> EXTRACTED INFORMATION:

Lemma pull_push_end (E : (X -> Prop) -> Prop) :
  is_end LX E -> push_family LX g (push_family LY f E) = E.
Proof.
  intro HE. destruct Hfg as [fc _ gc _ _ _].
  apply set_ext; intro A; split; [|apply end_sub_pull_push; exact HE].
  apply (proj2 HE); [|intro A'; apply end_sub_pull_push; exact HE].
  exact (push_family_good gc (push_family_good fc (proj1 HE))).
Qed.

End Transport.

(* Every coarsely clopen set of a topological large scale space is coarsely
   equal to an open coarsely clopen set, namely its star with respect to an
   open uniformly bounded cover. *)
Lemma open_coarse_representative (X : TopLSS) (A : tcar X -> Prop) :
  coarsely_clopen (tlss X) A ->
  exists V, topen X V /\ coarsely_clopen (tlss X) V /\
    coarse_subset (tlss X) A V /\ coarse_subset (tlss X) V A.
Proof.
  intro HA. destruct (topen_ub X) as [W [HW HWopen]].
  set (V := fun y => exists B, (W B /\ exists x, A x /\ B x) /\ B y).
  assert (HAV : coarse_subset (tlss X) A V).
  { apply subset_coarse_subset. intros x Hx.
    destruct (ub_is_cover _ _ HW x) as [B [HB Bx]].
    exists B; split; [split; [auto|exists x; auto]|auto]. }
  assert (HVA : coarse_subset (tlss X) V A).
  { exists (fun x => st_set A W x /\ st_set (fun z => ~ A z) W x).
    split; [left; apply HA; auto|].
    intros y [B [[HB [x [Hx Bx]]] By]].
    destruct (classic (A y)); [left; auto|right].
    split; [exists x|exists y]; split; auto; exists B; auto. }
  exists V; split; [apply topen_union; intros B [HB _]; auto|].
  split; [exact (coarsely_clopen_coarse_eq HA HAV HVA)|auto].
Qed.

Lemma ends_eq (Z : TopLSS) (a b : Ends Z) : proj1_sig a = proj1_sig b -> a = b.
Proof. destruct a, b; simpl; intro; subst; f_equal; apply proof_irrelevance. Qed.

Section EndsMap.
Variables (X Y : TopLSS) (f : tcar X -> tcar Y) (g : tcar Y -> tcar X).
Hypothesis Hfg : coarse_inverses (tlss X) (tlss Y) f g.

Definition push_end (E : Ends X) : Ends Y :=
  exist _ (push_family (tlss Y) f (proj1_sig E)) (push_family_end Hfg (proj2_sig E)).

(* The preimage of a basic open set U_end is a union of basic open sets
   V_end, V an open representative of the coarse class of f^-1 U. *)
Lemma push_end_continuous : ends_continuous push_end.
Proof.
  intros O HO E HOE.
  destruct (HO _ HOE) as [U [_ [HUcc [[_ HEU] HUO]]]].
  assert (HA : coarsely_clopen (tlss X) (fun x => U (f x)))
    by exact (preimage_coarsely_clopen (ci_f_coarse Hfg) (ci_f_lsc Hfg) HUcc).
  destruct (open_coarse_representative HA) as [V [HVopen [HVcc [HAV HVA]]]].
  exists V; split; [exact HVopen|split; [exact HVcc|split]].
  - exact (end_coarse_closed (proj2_sig E) HEU HVcc HAV).
  - intros E' HE'. apply HUO. split; [exact HUcc|].
    exact (end_coarse_closed (proj2_sig E') HE' HA HVA).
Qed.

End EndsMap.

Theorem corollary2p27 (X Y : TopLSS) :
  coarsely_equivalent (tlss X) (tlss Y) -> ends_homeomorphic X Y.
Proof.
  intros [f [fc [fl [g [gc [gl [gf fg]]]]]]].
  assert (Hfg : coarse_inverses (tlss X) (tlss Y) f g) by (constructor; auto).
  pose proof (coarse_inverses_sym Hfg) as Hgf.
  exists (push_end Hfg), (push_end Hgf).
  split; [|split; [|split]].
  - intro E. apply ends_eq. exact (pull_push_end Hfg (proj2_sig E)).
  - intro E. apply ends_eq. exact (pull_push_end Hgf (proj2_sig E)).
  - apply push_end_continuous.
  - apply push_end_continuous.
Qed.
Theorem mainTheorem9
  (a b c : R) (hc : c <> 0)
  (tp tm t1 t2 t3 : C)
  (Hquad : forall z : C,
     (RtoC (-3 * c) * z * z + RtoC (sqrt 3 * (a - b)) * z + RtoC (a + b + c))%C
     = (RtoC (-3 * c) * (z - tp) * (z - tm))%C)
  (Hcubic : forall z : C,
     (RtoC (-3 * c) * z * z * z + RtoC (sqrt 3 * (a - b)) * z * z
      + RtoC (4 * a + 4 * b + c) * z + RtoC (sqrt 3 * (a - b)))%C
     = (RtoC (-3 * c) * (z - t1) * (z - t2) * (z - t3))%C)
  (H12 : t1 <> t2) (H23 : t2 <> t3) (H13 : t1 <> t3)
  (Om : pt3 -> Prop) (HOmopen : open Om) (HOmconn : connected3 Om)
  (HOmdist : forall p, Om p ->
     pu p <> pv p /\ pv p <> pw p /\ pu p <> pw p)
  (HOmtheta : forall p, Om p ->
     RtoC (theta p) <> t1 /\ RtoC (theta p) <> t2 /\ RtoC (theta p) <> t3)
  (L0 L1 L2 L3 : pt3 -> C)
  (HL0 : log_branch Om (fun p => RtoC ((pu p - pv p) / sqrt 2)) L0)
  (HL1 : log_branch Om (fun p => (RtoC (theta p) - t1)%C) L1)
  (HL2 : log_branch Om (fun p => (RtoC (theta p) - t2)%C) L2)
  (HL3 : log_branch Om (fun p => (RtoC (theta p) - t3)%C) L3) :
  forall (alpha beta : R) (u v w : R -> R),
    (forall t, alpha < t < beta ->
       Om (u t, v t, w t) /\
       is_derive u t (c / (u t - v t) + b / (u t - w t)) /\
       is_derive v t (a / (v t - w t) + c / (v t - u t)) /\
       is_derive w t (b / (w t - u t) + a / (w t - v t))) ->
    forall s t, alpha < s < beta -> alpha < t < beta ->
      hfun tp tm t1 t2 t3 L0 L1 L2 L3 (u s, v s, w s)
      = hfun tp tm t1 t2 t3 L0 L1 L2 L3 (u t, v t, w t).
Proof.
intros alpha beta u v w flow.
apply is_derive_C_zero_const_interval.
intros t Ht. destruct (flow t Ht) as [_ [Du [Dv Dw]]].
apply (is_derive_C_hfun_flow a b c tp tm t1 t2 t3 hc Hquad Hcubic Om L0 L1 L2 L3
         HOmdist HOmtheta HL0 HL1 HL2 HL3); [| exact Du | exact Dv | exact Dw].
apply filter_imp with (fun s => alpha < s < beta); [intros s Hs; exact (proj1 (flow s Hs)) |].
exact (open_and _ _ (open_gt alpha) (open_lt beta) t Ht).
Qed.
(* Let $D$ be a commutative $k$-algebra satisfying the sensitive multiplicity condition, let $\sigma$ be an automorphism of $D$ which is not locally algebraic, and let $a\in D$. Then $\operatorname{GKdim}(D(\sigma,a))\geq \operatorname{GKdim}(D)+2$.
   Context: $k$ is a field. The generalized Weyl algebra $D(\sigma,a)$ (for $a$ central) is generated by $D$ and indeterminates $x,y$ with $xd=\sigma(d)x$, $yd=\sigma^{-1}(d)y$ ($d\in D$), $yx=a$, $xy=\sigma(a)$. $\operatorname{GKdim}(B)=\sup_V\limsup_{n\to\infty}\log_n\dim_k(\sum_{i=0}^nV^i)$. An element $r$ of an algebra $B$ is regular if $rb\neq0$ and $br\neq0$ for all $0\neq b\in B$. An algebra $B$ with $\operatorname{GKdim}(B)=d$ satisfies $\mathrm{SM}(V_0,c,d)$, for a finite-dimensional subspace $V_0\subseteq B$ and a constant $c>0$, if for every finite-dimensional subspace $W\subseteq B$ with $V_0r\subseteq W$ for some regular element $r\in B$ one has $\dim(W^m)\geq c\dim(W)m^d$ for all $m\in\mathbb{N}$ (here $W^0=k$). $B$ satisfies the sensitive multiplicity condition if it satisfies $\mathrm{SM}(V_0,c,d)$ for some such $V_0$ and $c$, where $d=\operatorname{GKdim}(B)$. An automorphism $\sigma$ is locally algebraic if every finite-dimensional subspace lies in a finite-dimensional $\sigma$-stable subspace. *)

From HB Require Import structures.
From mathcomp Require Import all_boot all_order all_algebra.
From mathcomp Require Import all_classical all_reals.
From mathcomp Require Import ereal topology sequences exp.
From mathcomp Require Import Rstruct.
Set Implicit Arguments. Unset Strict Implicit. Unset Printing Implicit Defensive.
Import Order.TTheory GRing.Theory Num.Theory.
Local Open Scope classical_set_scope.
Local Open Scope ring_scope.

Notation RR := Rdefinitions.R.

Section LinAlg.
Variables (k : fieldType) (B : lalgType k).

(* k-linear span of a finite family: every finite-dimensional subspace is of
   this form. *)
Definition span (s : seq B) : set B :=
  [set v | exists c : 'I_(size s) -> k, v = \sum_(i < size s) c i *: s`_i].

Fixpoint words (s : seq B) (i : nat) : seq B :=
  if i is i'.+1 then [seq u * w | u <- s, w <- words s i'] else [:: 1].

Definition powsp (s : seq B) (i : nat) : set B := span (words s i).

Definition sumpow (s : seq B) (n : nat) : set B :=
  span (flatten [seq words s i | i <- iota 0 n.+1]).

Definition has_dim (S : set B) (n : nat) : Prop :=
  (exists s : seq B, size s = n /\ span s = S) /\
  (forall s : seq B, span s = S -> (n <= size s)%N).

(* dimension of a finite-dimensional subspace (0 if not finite-dimensional,
   never used in that case) *)
Definition fdim (S : set B) : nat := xget 0%N [set n | has_dim S n].

Definition growth_log (s : seq B) (n : nat) : \bar RR :=
  ((ln (fdim (sumpow s n))%:R / ln (n%:R : RR))%R)%:E.

(* GKdim(B) = sup_V limsup_n log_n dim(sum_{i=0}^n V^i), V ranging over the
   finite-dimensional subspaces, i.e. spans of finite families. *)
Definition GKdim : \bar RR :=
  ereal_sup [set limn_esup (growth_log s) | s in [set: seq B]].

Definition regular (r : B) : Prop :=
  forall b : B, b != 0 -> r * b != 0 /\ b * r != 0.

Definition SM (v0 : seq B) (c : RR) (d : RR) : Prop :=
  forall w : seq B,
    (exists r : B, regular r /\ forall v, v \in v0 -> span w (v * r)) ->
    forall m : nat,
      c * (fdim (span w))%:R * powR (m%:R : RR) d <= (fdim (powsp w m))%:R.

Definition sensitive_multiplicity : Prop :=
  exists (v0 : seq B) (c d : RR),
     0 < c /\ GKdim = d%:E /\ SM v0 c d.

> WHAT YOU NEED TO DO: Extract from the listing above the lines between the line containing "Om (u t, v t, w t) /\" and the line containing "(* Let $D$ be", keeping both of those lines. Output nothing else.

> TASK RESULT:
       Om (u t, v t, w t) /\
       is_derive u t (c / (u t - v t) + b / (u t - w t)) /\
       is_derive v t (a / (v t - w t) + c / (v t - u t)) /\
       is_derive w t (b / (w t - u t) + a / (w t - v t))) ->
    forall s t, alpha < s < beta -> alpha < t < beta ->
      hfun tp tm t1 t2 t3 L0 L1 L2 L3 (u s, v s, w s)
      = hfun tp tm t1 t2 t3 L0 L1 L2 L3 (u t, v t, w t).
Proof.
intros alpha beta u v w flow.
apply is_derive_C_zero_const_interval.
intros t Ht. destruct (flow t Ht) as [_ [Du [Dv Dw]]].
apply (is_derive_C_hfun_flow a b c tp tm t1 t2 t3 hc Hquad Hcubic Om L0 L1 L2 L3
         HOmdist HOmtheta HL0 HL1 HL2 HL3); [| exact Du | exact Dv | exact Dw].
apply filter_imp with (fun s => alpha < s < beta); [intros s Hs; exact (proj1 (flow s Hs)) |].
exact (open_and _ _ (open_gt alpha) (open_lt beta) t Ht).
Qed.
(* Let $D$ be a commutative $k$-algebra satisfying the sensitive multiplicity condition, let $\sigma$ be an automorphism of $D$ which is not locally algebraic, and let $a\in D$. Then $\operatorname{GKdim}(D(\sigma,a))\geq \operatorname{GKdim}(D)+2$.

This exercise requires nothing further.